Why Are Markets Holding Up So Well?
Trading midday Monday: volume light, advance/decline line even, Dow Industrials trade in a narrow, 80-point range.
Well, this is a bit anticlimactic. Even though virtually everyone has adopted the "it doesn't matter what happens to Greece, the euro is breaking up" mantra (wonder what all these pundits are going to be talking about for the next two years, now that everyone believes this is a fait accompli), the markets are acting like nothing particularly important is happening.
But this could be a telling week: the G20 meeting and the Fed meeting could either validate the bottoming fishing, or dash those hopes.
Why are things holding up? "No one wants to be caught short" ahead of the Fed meeting is the most common answer I received.
"Stay long, but with downside protection," was another common refrain, along with, "The US is the best large cap market: we will catch cash from abroad for the next few years."
Still, there are some who think the Fed is not ready to push the button, either because of election issues or because the data still is not compelling enough.
There is a substantial school who believe that none of this will matter: that further easing will not make a difference. No would announcing that they will keep rates low until, say, 2015 instead of 2014. "The Fed can't stimulate confidence," as one trader said. What would?
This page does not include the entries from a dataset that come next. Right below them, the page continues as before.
Let defectE i :
  2 * lam * defect i = dot (u i) (u i) + 2 * lam * dot W (w (y i)) - dot W W.
Proof.
have -> : defect i = dot W (z i) + lam * (1 - dot (w (y i)) (z i)).
  by rewrite /collapse_defect /W dot_suml [\sum_j _](bigD1 (y i)) //= /lam; ring.
rewrite /u !(dotDl, dotDr, dotZl, dotZr, dotNl, dotNr) z_sph w_sph.
by rewrite (dotC (z i) (w _)) (dotC (z i) W) (dotC (w _) W); ring.
Qed.

Let defect_sumE : k%:R * (2 * lam) * \sum_i defect i =
  k%:R * \sum_i dot (u i) (u i) + N%:R * (2 * lam - k%:R) * dot W W.
Proof.
have cross : k%:R * \sum_i dot W (w (y i)) = N%:R * dot W W.
  rewrite (balanced_sum y_bal (fun c => dot W (w c))) [in RHS]/W dot_suml.
  by congr (_ * _); apply: eq_bigr => c _; rewrite dotC.
rewrite -mulrA mulr_sumr (eq_bigr _ (fun i _ => defectE i)).
rewrite !sumrB big_split /= -mulr_sumr sumr_const card_ord -[_ *+ N]mulr_natl.
have -> : \sum_i dot W (w (y i)) = N%:R * dot W W / k%:R.
  by rewrite -cross; field; rewrite lt0r_neq0.
by field; rewrite lt0r_neq0.
Qed.

Let uu_ge0 : 0 <= \sum_i dot (u i) (u i).
Proof. by apply: sumr_ge0 => i _; exact: dotvv_ge0. Qed.

Let WW_ge0 : 0 <= N%:R * (2 * lam - k%:R) * dot W W.
Proof. by rewrite !mulr_ge0 ?ler0n ?dotvv_ge0 ?(ltW excess_gt0). Qed.

Lemma collapse_defect_sum_ge0 : 0 <= \sum_i defect i.
Proof.
have c_gt0 : 0 < k%:R * (2 * lam) by rewrite !mulr_gt0.
rewrite -(pmulr_rge0 _ c_gt0) defect_sumE.
by apply: addr_ge0 => //; exact: mulr_ge0 (ler0n _ _) uu_ge0.
Qed.

Lemma collapse_defect_sum_eq0 : \sum_i defect i = 0 -> forall i, z i = w (y i).
Proof.
move=> sum0 i.
have /andP[/eqP uu0 /eqP WW0] : (k%:R * \sum_i dot (u i) (u i) == 0) &&
    (N%:R * (2 * lam - k%:R) * dot W W == 0).
  by rewrite -(paddr_eq0 (mulr_ge0 (ler0n _ _) uu_ge0) WW_ge0) -defect_sumE sum0 mulr0.
have W0 : W = 0.
  apply: dotvv_eq0; move/eqP: WW0; have [N_gt0 _] := y_bal.
  by rewrite !mulf_eq0 pnatr_eq0 (gtn_eqF N_gt0) (gt_eqF excess_gt0) => /eqP.
have ui0 : u i = 0.
  apply: dotvv_eq0; move/eqP: uu0; rewrite mulf_eq0 pnatr_eq0 (gtn_eqF (ltnW k_gt1)) /=.
  by move=> /eqP /(psumr_eq0P (fun j _ => dotvv_ge0 (u j))) /(_ i isT).
move/eqP: ui0; rewrite /u W0 addr0 scaler_eq0 (gt_eqF lam_gt0) subr_eq0.
by move/eqP.
Qed.

End CollapseDefect.

Definition simplex_etf {R : realType} {d k : nat} (w : 'I_k -> 'rV[R]_d) : Prop :=
  forall i j, i != j -> dot (w i) (w j) = - (k%:R - 1)^-1.

Section LossBound.
Context {R : realType} {d k N : nat} {y : 'I_N -> 'I_k} {s a1 a2 b1 b2 : R}.
Hypotheses (k_gt1 : (1 < k)%N) (y_bal : balanced y).

Local Notation B := (gm_bound k s a1 a2 b1 b2).
Local Notation Z := (gm_partition k s a2 b2).

Let N_gt0 : 0 < N%:R :> R.
Proof. by case: y_bal; rewrite ltr0n. Qed.

Let Z_gt0 : 0 < Z.
Proof. exact/gm_partition_gt0/ltnW. Qed.

Lemma gm_loss_simplex (w : 'I_k -> 'rV[R]_d) (z : 'I_N -> 'rV[R]_d) :
  (forall j, on_sphere (w j)) -> simplex_etf w -> (forall i, z i = w (y i)) ->
  gm_loss y s a1 a2 b1 b2 w z = B.
Proof.
move=> w_sph w_etf zw.
have sample_eq i : gm_sample_loss s a1 a2 b1 b2 (y i) (fun j => dot (w j) (z i)) = B.
  rewrite /gm_sample_loss zw w_sph !mulr1 (gm_boundE _ _ _ _ _ (ltnW k_gt1)).
  under eq_bigr => j jy do rewrite w_etf // mulrN.
  rewrite sumr_neq_const -/Z lnM ?posrE ?expR_gt0 ?invr_gt0 //.
  by rewrite lnV ?posrE // expRK opprD opprK addrC.
rewrite /gm_loss (eq_bigr _ (fun i _ => sample_eq i)) sumr_const card_ord.
by rewrite -[B *+ N]mulr_natl mulKf ?gt_eqF.
Qed.

Hypotheses (s_gt0 : 0 < s) (a1_ge : 2^-1 <= a1) (a2_le : a2 <= a1).
Context {w : 'I_k -> 'rV[R]_d} {z : 'I_N -> 'rV[R]_d}.
Hypotheses (w_sph : forall j, on_sphere (w j)) (z_sph : forall i, on_sphere (z i)).

Local Notation v i := (fun j => dot (w j) (z i)).
Local Notation loss i := (gm_sample_loss s a1 a2 b1 b2 (y i) (v i)).
Local Notation sample_bound i := (gm_sample_bound s a1 a2 b1 b2 (y i) (v i)).
Local Notation margin_sum := (\sum_i (1 - dot (w (y i)) (z i))).
Local Notation defect_sum := (\sum_i collapse_defect a1 (y i) (v i)).
Local Notation slack := (expR (s * (a2 + b2)) * (a1 - a2) * margin_sum +
  expR (- (s * (k%:R - 1)^-1)) * defect_sum).

Let gapE : N%:R * (gm_loss y s a1 a2 b1 b2 w z - B) =
  \sum_i (loss i - sample_bound i) + s / Z * slack.
Proof.
rewrite /gm_sample_bound sumrB big_split /= sumr_const card_ord -[B *+ N]mulr_natl.
rewrite -mulr_sumr big_split /= -!mulr_sumr.
by rewrite /gm_loss; field; rewrite ?lt0r_neq0.
Qed.

Let sample_gap_ge0 i : 0 <= loss i - sample_bound i.
Proof. by rewrite subr_ge0 gm_sample_loss_ge. Qed.

Let margin_term_ge0 : 0 <= expR (s * (a2 + b2)) * (a1 - a2) * margin_sum.
Proof.
have sum_ge0 : 0 <= margin_sum.
  by apply: sumr_ge0 => i _; rewrite subr_ge0 sphere_dot_le1.
by rewrite !mulr_ge0 ?expR_ge0 ?subr_ge0.
Qed.

Let defect_term_ge0 : 0 <= expR (- (s * (k%:R - 1)^-1)) * defect_sum.
Proof.
exact: mulr_ge0 (expR_ge0 _) (collapse_defect_sum_ge0 k_gt1 y_bal a1_ge w_sph z_sph).
Qed.

Let slack_ge0 : 0 <= s / Z * slack.
Proof.
have sZ_ge0 : 0 <= s / Z by rewrite divr_ge0 ?ltW.
exact: mulr_ge0 sZ_ge0 (addr_ge0 margin_term_ge0 defect_term_ge0).
Qed.

Lemma gm_loss_ge : B <= gm_loss y s a1 a2 b1 b2 w z.
Proof.
by rewrite -subr_ge0 -(pmulr_rge0 _ N_gt0) gapE addr_ge0 ?sumr_ge0.
Qed.

Lemma gm_loss_eq_bound : gm_loss y s a1 a2 b1 b2 w z = B ->
  simplex_etf w /\ (forall i, z i = w (y i)).
Proof.
move=> loss_eq.
have /andP[/eqP gap0 slack0] :
    (\sum_i (loss i - sample_bound i) == 0) && (s / Z * slack == 0).
  by rewrite -paddr_eq0 ?sumr_ge0 // -gapE loss_eq subrr mulr0.
have defect0 : defect_sum = 0.
  move: slack0; rewrite mulf_eq0 (gt_eqF (divr_gt0 s_gt0 Z_gt0)) /=.
  rewrite (paddr_eq0 margin_term_ge0 defect_term_ge0) => /andP[_].
  by rewrite mulf_eq0 (gt_eqF (expR_gt0 _)) => /eqP.
have zw := collapse_defect_sum_eq0 k_gt1 y_bal a1_ge w_sph z_sph defect0.
split=> // a b ab.
have [i yi] := balanced_fiber y_bal b.
have sample_eq : loss i = sample_bound i.
  apply/eqP; rewrite -subr_eq0; apply/eqP.
  exact: (psumr_eq0P (fun j _ => sample_gap_ge0 j) gap0).
have := gm_sample_loss_eq_bound k_gt1 s_gt0 sample_eq a; rewrite yi => /(_ ab).
by rewrite zw yi w_sph subrr mulr0 sub0r.
Qed.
Art Cashin this morning floated the idea that the Fed should consider expanding their inflation target from 0 to 2 percent, to 0 to 4 percent.
That's an interesting idea. By signaling that the Fed will tolerate higher inflation, you would certainly move commodities and global growth stocks: materials, energy, industrials.
Meantime: what about an end of the quarter rally? There's a lot of scared money hiding in the low-beta names. The big market mover this quarter have been Utilities and Telecoms.
Utilities and Telecom as market leaders? You gotta be kidding me. They are among the weakest sectors in the market in terms of 2012 earnings growth: minus 4.8 percent for Utilities, minus 0.8 percent for energy, up 0.4 percent for Telecom. Ugh.
And they are overpriced: the S&P is trading at 12.7 times 2012 P/E ratio. Telecom: 20.6! The highest of any sector. Utilities: 15.4!
What about rotation into the most beaten up groups this quarter: energy, materials, financials? At least you can argue that Energy is cheap, at 10.3 times earnings. Materials: 12.9. Slight premium. Financials: 11.1, slight discount. Close call there.